Section 162: Memory layout

Some areas of mem are dedicated to fixed usage, since static allocation is more efficient than dynamic allocation when we can get away with it. For example, locations MEM_BOT to MEM_BOT + 3 are always used to store the specification for glue that is 0pt plus 0pt minus 0pt. The following macro definitions accomplish the static allocation by giving symbolic names to the fixed positions. Static variable-size nodes appear in locations MEM_BOT through LO_MEM_STAT_MAX, and static single-word nodes appear in locations HI_MEM_STAT_MIN through MEM_TOP, inclusive.
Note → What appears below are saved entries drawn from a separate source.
Lemma count_lt_le1_sorted {x y s a} : sorted ltn [:: x, y & s] -> a != y ->
  (count (fun z => z < a) [:: x, y & s] <= 1) = (a < y).
Proof.
move=> /= /andP [x_lt_y y_s_sorted] a_neq_y.
have [y_lt_a | a_lt_y | y_eq_a] := ltngtP y a; last by rewrite y_eq_a eqxx in a_neq_y.
- by rewrite /= (ltn_trans x_lt_y y_lt_a); lia.
- by rewrite /= (count_lt_path y_s_sorted (ltnW a_lt_y)); case: (x < a).
Qed.

Fixpoint column_tableau (s : seq nat) : stableau :=
  match s with
  | [::] => [::]
  | [:: x] => [:: [:: x]]
  | x :: y :: s' => [:: x; y] :: column_tableau s'
  end.

Lemma single_column_column_tableau s : single_column (column_tableau s).
Proof.
have [n] := ubnP (size s); elim: n s => // n IH [|x [|y s]] //= size_s.
by apply: IH; lia.
Qed.

Lemma sinsert_column_tableau s a : sorted ltn s -> a \notin s ->
  count (fun z => z < a) s <= 1 ->
  sinsert (column_tableau s) a = column_tableau (insert_sorted a s).
Proof.
have [n] := ubnP (size s); elim: n s a => // n IH [|x [|y s]] a size_s s_sorted //.
- rewrite inE => a_neq_x _ /=; rewrite /smallest_larger_idx /= andbT.
  have [x_lt_a | a_lt_x | x_eq_a] := ltngtP x a => //=.
  + by rewrite minnn eqxx.
  + by rewrite x_eq_a eqxx in a_neq_x.
rewrite !inE !negb_or => /and3P [a_neq_x a_neq_y _].
rewrite (count_lt_le1_sorted s_sorted a_neq_y) => a_lt_y.
have [x_lt_y y_s_sorted] : x < y /\ path ltn y s by case/andP: s_sorted.
have insert_y : sinsert (column_tableau s) y = column_tableau (y :: s).
  have /andP [y_lt_s s_sorted'] : all (ltn y) s && sorted ltn s.
    by rewrite -(path_sortedE ltn_trans).
  rewrite -(insert_sorted_head y_s_sorted); apply: IH => //; first exact: ltnW size_s.
  - by apply/negP => /(allP y_lt_s) /=; rewrite ltnn.
  - by rewrite (count_lt_path y_s_sorted).
rewrite /= /smallest_larger_idx /= a_lt_y (ltnNge y a) (ltnW a_lt_y) andbF /=.
have [x_lt_a | a_lt_x | x_eq_a] := ltngtP x a.
- by rewrite /= minnn (ltn_eqF x_lt_y) eqxx /= insert_y.
- by rewrite /= (minn_idPr (ltnW x_lt_y)) minnn eqxx /= insert_y.
- by rewrite x_eq_a eqxx in a_neq_x.
Qed.

Lemma sinsert_column_tableau_overflow s a : sorted ltn s -> a \notin s ->
  1 < count (fun z => z < a) s -> ~~ single_column (sinsert (column_tableau s) a).
Proof.
case: s => [|x [|y s]] s_sorted //; first by move=> _ /=; case: (x < a).
rewrite !inE !negb_or => /and3P [_ a_neq_y _].
rewrite ltnNge (count_lt_le1_sorted s_sorted a_neq_y) -leqNgt => y_le_a.
have y_lt_a : y < a by rewrite ltn_neqAle eq_sym a_neq_y.
case/andP: s_sorted => x_lt_y _.
by rewrite /= (ltn_trans x_lt_y y_lt_a) y_lt_a.
Qed.

Lemma single_column_of_sinsert P a : single_column (sinsert P a) -> single_column P.
Proof.
elim: P a => [|r P IH] a //=.
case: ifP => _ /=; [|case: ifP => _ /=; [|case: ifP => _ /=]];
  rewrite ?size_rcons ?size_set_nth => /andP [r_small P_sc];
  (* [P_sc] is about [P] when insertion stops, about [sinsert P _] when it bumps *)
  rewrite ?P_sc ?(IH _ P_sc) andbT; lia.
Qed.

(* Every letter of [s] exceeds at most one letter read before it, [p] being
   the letters read before [s]; [few_smaller w] says that [w] avoids the
   patterns 123 and 213. *)
Fixpoint few_smaller_after (p s : seq nat) : bool :=
  if s is a :: s' then (count (fun x => x < a) p <= 1) && few_smaller_after (rcons p a) s'
  else true.

Definition few_smaller (w : seq nat) : bool := few_smaller_after [::] w.

Lemma few_smaller_after_cat p s t :
  few_smaller_after p (s ++ t) = few_smaller_after p s && few_smaller_after (p ++ s) t.
Proof.
elim: s p => [|a s IH] p /=; first by rewrite cats0.
by rewrite IH cat_rcons andbA.
Qed.

Lemma few_smaller_rcons w a :
  few_smaller (rcons w a) = few_smaller w && (count (fun x => x < a) w <= 1).
Proof. by rewrite /few_smaller -cats1 few_smaller_after_cat /= andbT. Qed.

Lemma schroder_fold_few_smaller {x s} : uniq (x :: s) -> few_smaller (x :: s) ->
  exists t, [/\ sorted ltn t, perm_eq t (x :: s)
                & foldl sinsert [:: [:: x]] s = column_tableau t].
Proof.
elim/last_ind: s => [|s a IH]; first by exists [:: x].
rewrite -rcons_cons rcons_uniq few_smaller_rcons foldl_rcons.
move=> /andP [a_notin u_s] /andP [fs_s small_a].
have [t [t_sorted t_perm ->]] := IH u_s fs_s.
have a_notin_t : a \notin t by rewrite (perm_mem t_perm).
exists (insert_sorted a t); split.
- exact: sorted_insert_sorted.
- by rewrite (permPl (perm_insert_sorted a t)) perm_sym perm_rcons perm_cons perm_sym.
- by rewrite sinsert_column_tableau // (seq.permP t_perm).
Qed.

Lemma schroder_fold_overflow {x s} : uniq (x :: s) -> ~~ few_smaller (x :: s) ->
  ~~ single_column (foldl sinsert [:: [:: x]] s).
Proof.
elim/last_ind: s => [|s a IH] //.
rewrite -rcons_cons rcons_uniq few_smaller_rcons foldl_rcons negb_and.
move=> /andP [a_notin u_s]; have [fs_s big_a|fs_s _] := boolP (few_smaller (x :: s)).
- have [t [t_sorted t_perm ->]] := schroder_fold_few_smaller u_s fs_s.
  apply: sinsert_column_tableau_overflow => //; first by rewrite (perm_mem t_perm).
  by rewrite (seq.permP t_perm) ltnNge.
- by apply: contra (IH u_s fs_s); apply: single_column_of_sinsert.
Qed.

Lemma single_column_schroderP w : uniq w -> single_column (schroderP w) = few_smaller w.
Proof.
case: w => [|x s] // u_w; apply/idP/idP; last first.
  case/(schroder_fold_few_smaller u_w) => t [_ _ /= ->].
  exact: single_column_column_tableau.
by apply: contraLR; apply: schroder_fold_overflow.
Qed.

Lemma few_smaller_after_max M v p q : all (fun y => y < M) v ->
  few_smaller_after (p ++ M :: q) v = few_smaller_after (p ++ q) v.
Proof.
elim: v p q => [|a v IH] //= p q /andP [a_lt_M v_lt_M].
rewrite !count_cat /= ltnNge (ltnW a_lt_M) add0n.
by rewrite !rcons_cat rcons_cons IH.
Qed.

Lemma few_smaller_max_head M v : all (fun y => y < M) v ->
  few_smaller (M :: v) = few_smaller v.
Proof.
by move=> v_lt_M; rewrite /few_smaller /= (few_smaller_after_max _ _ [::] [::] v_lt_M).
Qed.

Lemma few_smaller_max_second M x v : all (fun y => y < M) v ->
  few_smaller [:: x, M & v] = few_smaller (x :: v).
Proof.
move=> v_lt_M; rewrite /few_smaller /= (few_smaller_after_max _ _ [:: x] [::] v_lt_M).
by rewrite cats0; case: (x < M).
Qed.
It is harmless to let LIG_TRICK and GARBAGE share the same location of mem.

constants.h

#define ZERO_GLUE       MEM_BOT                      // specification for 0pt plus 0pt minus 0pt
#define FIL_GLUE        (ZERO_GLUE + GLUE_SPEC_SIZE) // 0pt plus 1fil minus 0pt
#define FILL_GLUE       (FIL_GLUE + GLUE_SPEC_SIZE)  // 0pt plus 1fill minus 0pt
#define SS_GLUE         (FILL_GLUE + GLUE_SPEC_SIZE) // 0pt plus 1fil minus 1fil
#define FIL_NEG_GLUE    (SS_GLUE + GLUE_SPEC_SIZE)   // 0pt plus -1fil minus 0pt
// largest statically allocated word in the variable-size |mem|
#define LO_MEM_STAT_MAX (FIL_NEG_GLUE + GLUE_SPEC_SIZE - 1) 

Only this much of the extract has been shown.